◆ **Stored items**:
/---
Lemma same_net_leaf x : is_leaf N x -> is_leaf M x.
Proof. by have [_ _ hV _] := NM; rewrite /is_leaf -hV -same_net_outdeg. Qed.

Lemma same_net_retic x : is_retic N x -> is_retic M x.
Proof. by rewrite /is_retic same_net_indeg same_net_outdeg. Qed.

Lemma same_net_cherry a b p : cherry_at N a b p -> cherry_at M a b p.
Proof.
have [_ _ _ hA] := NM; case=> [ab [la [lb [ha hb]]]].
by split=> //; split; [exact: same_net_leaf la|split; [exact: same_net_leaf lb|rewrite -!hA]].
Qed.

Lemma same_net_ret_cherry a b pa pb : ret_cherry_at N a b pa pb -> ret_cherry_at M a b pa pb.
Proof.
have [_ _ _ hA] := NM; case=> [ab [la [lb [ha [hb [rt hp]]]]]].
split=> //; split; first exact: same_net_leaf la.
split; first exact: same_net_leaf lb.
by rewrite -!hA; do 2 split=> //; split=> //; exact: same_net_retic rt.
Qed.

Lemma same_net_reduction N' : cherry_reduction N N' -> cherry_reduction M N'.
Proof.
have [_ _ hV hA] := NM.
case=> [[b [a [p [ch red]]]]|[a [b [pa [pb [ga [gb [rc [h1 [h2 [h3 [h4 [h5 [h6 h7]]]]]]]]]]]]]].
- left; exists b, a, p; split; first exact: same_net_cherry.
  case: red => [[i0 rest]|[g [hg [u1 [u2 [hv ha]]]]]]; first by left; rewrite -same_net_indeg.
  by right; exists g; rewrite -hA; do 3 split=> //; split=> ?; rewrite -?hV -?hA.
- right; exists a, b, pa, pb, ga, gb; split; first exact: same_net_ret_cherry.
  by rewrite -!hA; do 5 split=> //; split=> ?; rewrite -?hV -?hA.
Qed.

Lemma same_net_single : single_vertex N -> single_vertex M.
Proof.
case: NM => [[uN _] [uM _] hV hA] [v [ev ea]]; exists v; split.
  have /perm_size := uniq_perm uN uM hV; rewrite ev.
  case E: (verts M) => [|w [|]] //= _; have := hV w; rewrite ev E !inE eqxx.
  by move/eqP ->.
by case E: (arcs M) => [|e s] //; have := hA e; rewrite E ea inE eqxx.
Qed.

Lemma same_net_rooted r : rooted_net N r -> rooted_net M r.
Proof.
have [_ [uV uA] hV hA] := NM; case=> _ _ ed ac [rV ir or cl].
have arcsMN x y : (x, y) \in arcs M -> dpath N x y by rewrite -hA; apply: dpath_arc.
split=> //.
- by move=> e; rewrite -hA -!hV; apply: ed.
- by move=> v /(sub_dpath arcsMN); apply: ac.
- split; rewrite -?hV -?same_net_indeg -?same_net_outdeg //.
  by move=> v; rewrite -hV -same_net_indeg -same_net_outdeg; apply: cl.
Qed.

End SameNet.

Inductive completable : net -> Prop :=
| completable_single N : single_vertex N -> completable N
| completable_step N N' : cherry_reduction N N' -> completable N' -> completable N.

Lemma same_net_completable N M : same_net N M -> completable N -> completable M.
Proof.
move=> NM cN; case: cN NM => [K s|K K' st c] KM.
  exact/completable_single/(same_net_single KM).
exact: completable_step (same_net_reduction KM st) c.
Qed.

Lemma complete_seq_completable N Ns l : complete_seq N Ns l -> completable N.
Proof.
move=> [[<- st] s]; suff H n i : i + n = l -> completable (Ns i) by apply: (H l 0).
elim: n i => [|n IH] i E; first by rewrite addn0 in E; subst; apply: completable_single.
by apply: completable_step (st i _) (IH i.+1 _); rewrite -E ?addSnnS // addnS ltnS leq_addr.
Qed.
(* Let $Q\in N_n$ be a subpermutation and $A\in QU_n$, and let $A^\infty$ be the Belitskii canonical form of $A$ under $B_n$-similarity. Then $A^\infty\in QU_n$, and there exist finitely many elementary $U_n$-similarity operations $\mathcal O_1,\dots,\mathcal O_m$ such that, with $A_0=A$ and $A_k=\mathcal O_k(A_{k-1})$, all of $A_0,\dots,A_m$ lie in $QU_n$ and $A_m=DA^\infty D^{-1}$ for some invertible diagonal matrix $D$ (i.e. $A_m$ is $D_n$-similar to $A^\infty$).
   Context: $\mathbb F$ is a field. $B_n$ (resp. $U_n$, $N_n$, $D_n$) denotes the set of $n\times n$ invertible upper triangular (resp. upper triangular with all diagonal entries $1$, strictly upper triangular, invertible diagonal) matrices over $\mathbb F$; $QU_n=\{QU:U\in U_n\}$; $E_{ij}$ is the matrix unit. A subpermutation is a matrix each of whose rows and columns has at most one nonzero entry, and that entry equals $1$. An elementary $U_n$-similarity operation is a map $\mathcal O_{p,q}^\lambda:N_n\to N_n$, $\mathcal O_{p,q}^\lambda(X)=(I_n+\lambda E_{pq})X(I_n+\lambda E_{pq})^{-1}$, for some $\lambda\in\mathbb F$ and $1\le p<q\le n$. Matrices $X,Y$ are $G$-similar if $Y=BXB^{-1}$ for some $B\in G$. Belitskii order on positions $\{(i,j):1\le i<j\le n\}$: $(i,j)\prec(i',j')$ iff $i>i'$, or $i=i'$ and $j<j'$. Belitskii's algorithm for $B_n$-similarity on $N_n$: given $A\in N_n$ put $A^{(0)}=A$, $G^{(0)}=B_n$. For $k=0,1,\dots$, let $(p,q)$ be the $(k+1)$th position in Belitskii order and look at the $(p,q)$ entries of all matrices $G^{(k)}$-similar to $A^{(k)}$: (a) if this entry is always $0$ or can take every value of $\mathbb F$, choose $A^{(k+1)}$ $G^{(k)}$-similar to $A^{(k)}$ with that entry $0$; (b) if it takes exactly the values of $\mathbb F\setminus\{0\}$, choose $A^{(k+1)}$ with that entry $1$; (c) otherwise it is a constant $\lambda\ne0$ and $A^{(k+1)}=A^{(k)}$. $G^{(k+1)}$ is the subgroup of $g\in G^{(k)}$ such that $gA^{(k+1)}g^{-1}$ agrees with $A^{(k+1)}$ in the first $k+1$ positions. The final matrix $A^\infty$ is the Belitskii canonical form of $A$. *)

From HB Require Import structures.
From mathcomp Require Import all_boot all_order all_algebra.
Set Implicit Arguments. Unset Strict Implicit. Unset Printing Implicit Defensive.
Import GRing.Theory.
Local Open Scope ring_scope.
Lemma lift_vert_vert t j : j < size free_pos ->
  all (fun m : move => m.1 < size free_pos) t ->
  lift_vert (vert t j) = vert (top_hist rho ++ relab nth_free t) (nth_free j).
Proof.
move=> hj ht.
have hh : has (at_pos (nth_free j)) (relab nth_free t) = has (at_pos j) t.
  by rewrite has_map; apply: eq_in_has => m hm /=; rewrite eq_nth_free // (allP ht).
rewrite [RHS]vertE vert_cat hh /lift_vert vert_fst.
case: ifP => hb; last by rewrite [(vert t j).2]vert_nil ?hb.
rewrite vert_relab; last by move=> m hm; rewrite eq_nth_free // (allP ht).
by have := vert_nilN hb; case: (vert t j).2.
Qed.

End FreePositions.

Lemma link_facet_split d k rho p s : valid_path d k p ->
  {subset s ++ rho <= facet_verts d p} -> (forall x, x \in s -> x \notin rho) ->
 [/\ p = top_hist rho ++ drop (size (top_hist rho)) p,
     all (fun m : move => m.1 \in free_pos d rho) (drop (size (top_hist rho)) p)
   & forall x, x \in s -> x.1 \in free_pos d rho /\ x = vert p x.1].
Proof.
move=> /andP[hv _] hs hd.
have hr : {subset rho <= facet_verts d p}.
  by move=> x hx; apply: hs; rewrite mem_cat hx orbT.
split; first exact: top_hist_prefix hr.
  apply/allP => m hm; rewrite mem_free_pos.
  have /andP[-> _] /= := allP hv m (mem_drop hm).
  apply/mapP => -[x hx e].
  by have := allP (top_hist_suffix_avoid hr hx) m hm; rewrite e eqxx.
move=> x hx; have [e hxd] := facet_vertsP (hs x ltac:(by rewrite mem_cat hx)).
split => //; rewrite mem_free_pos hxd /=.
apply/mapP => -[y hy ey]; have [ey' _] := facet_vertsP (hr y hy).
have exy : x = y by rewrite e ey -ey'.
by have := hd x hx; rewrite exy hy.
Qed.

Section ExtendTopHistory.
Variables (d k : nat) (rho : seq vertex) (p0 r : seq move).
Hypotheses (p0_valid : valid_path d k p0) (rho_sub : {subset rho <= facet_verts d p0}).
Hypothesis r_free : all (fun m : move => m.1 \in free_pos d rho) r.
Hypothesis r_copies : all (fun m : move => m.2 < k.-1) r.
Hypothesis r_sorted : sorted (fun a b : move => a.1 != b.1) r.

Lemma tail_pos_notin m : m \in r -> m.1 \notin map fst rho.
Proof. by move=> /(allP r_free); rewrite mem_free_pos => /andP[]. Qed.

Lemma top_hist_cat_valid : valid_path d k (top_hist rho ++ r).
Proof.
have hq := top_hist_prefix rho_sub.
move: p0_valid => /andP[hv0a hv0s].
rewrite /valid_path all_cat; apply/andP; split.
  apply/andP; split.
    by apply/allP => m hm; apply: (allP hv0a); rewrite hq mem_cat hm.
  apply/allP => m hm; rewrite (allP r_copies) // andbT.
  by have := allP r_free m hm; rewrite mem_free_pos => /andP[].
case: (top_histP rho) => [->|[x hx eq]] //.
move: hv0s; rewrite hq eq.
case e2 : x.2 => [|a q'] //=.
rewrite !cat_path => /andP[-> _] /=.
case: r r_sorted tail_pos_notin => [|b r'] //= -> hra; rewrite andbT.
have [ex _] := facet_vertsP (rho_sub hx).
have hh : has (at_pos x.1) p0.
  by apply/negPn/negP => /vert_nil h; rewrite -ex e2 in h.
have := vert_last a hh; rewrite -ex e2 /= => ->.
by apply/eqP => eb; have := hra b (mem_head _ _); rewrite -eb map_f.
Qed.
\---
◆ **EXERCISE GOAL**:
Could you output, exactly and with nothing else, the lines from the start of the records through the line containing "Proof. by rewrite"?

◆ **OUTPUT FOR THIS EXERCISE**:
Lemma same_net_leaf x : is_leaf N x -> is_leaf M x.
Proof. by have [_ _ hV _] := NM; rewrite /is_leaf -hV -same_net_outdeg. Qed.

Lemma same_net_retic x : is_retic N x -> is_retic M x.
Proof. by rewrite /is_retic same_net_indeg same_net_outdeg. Qed.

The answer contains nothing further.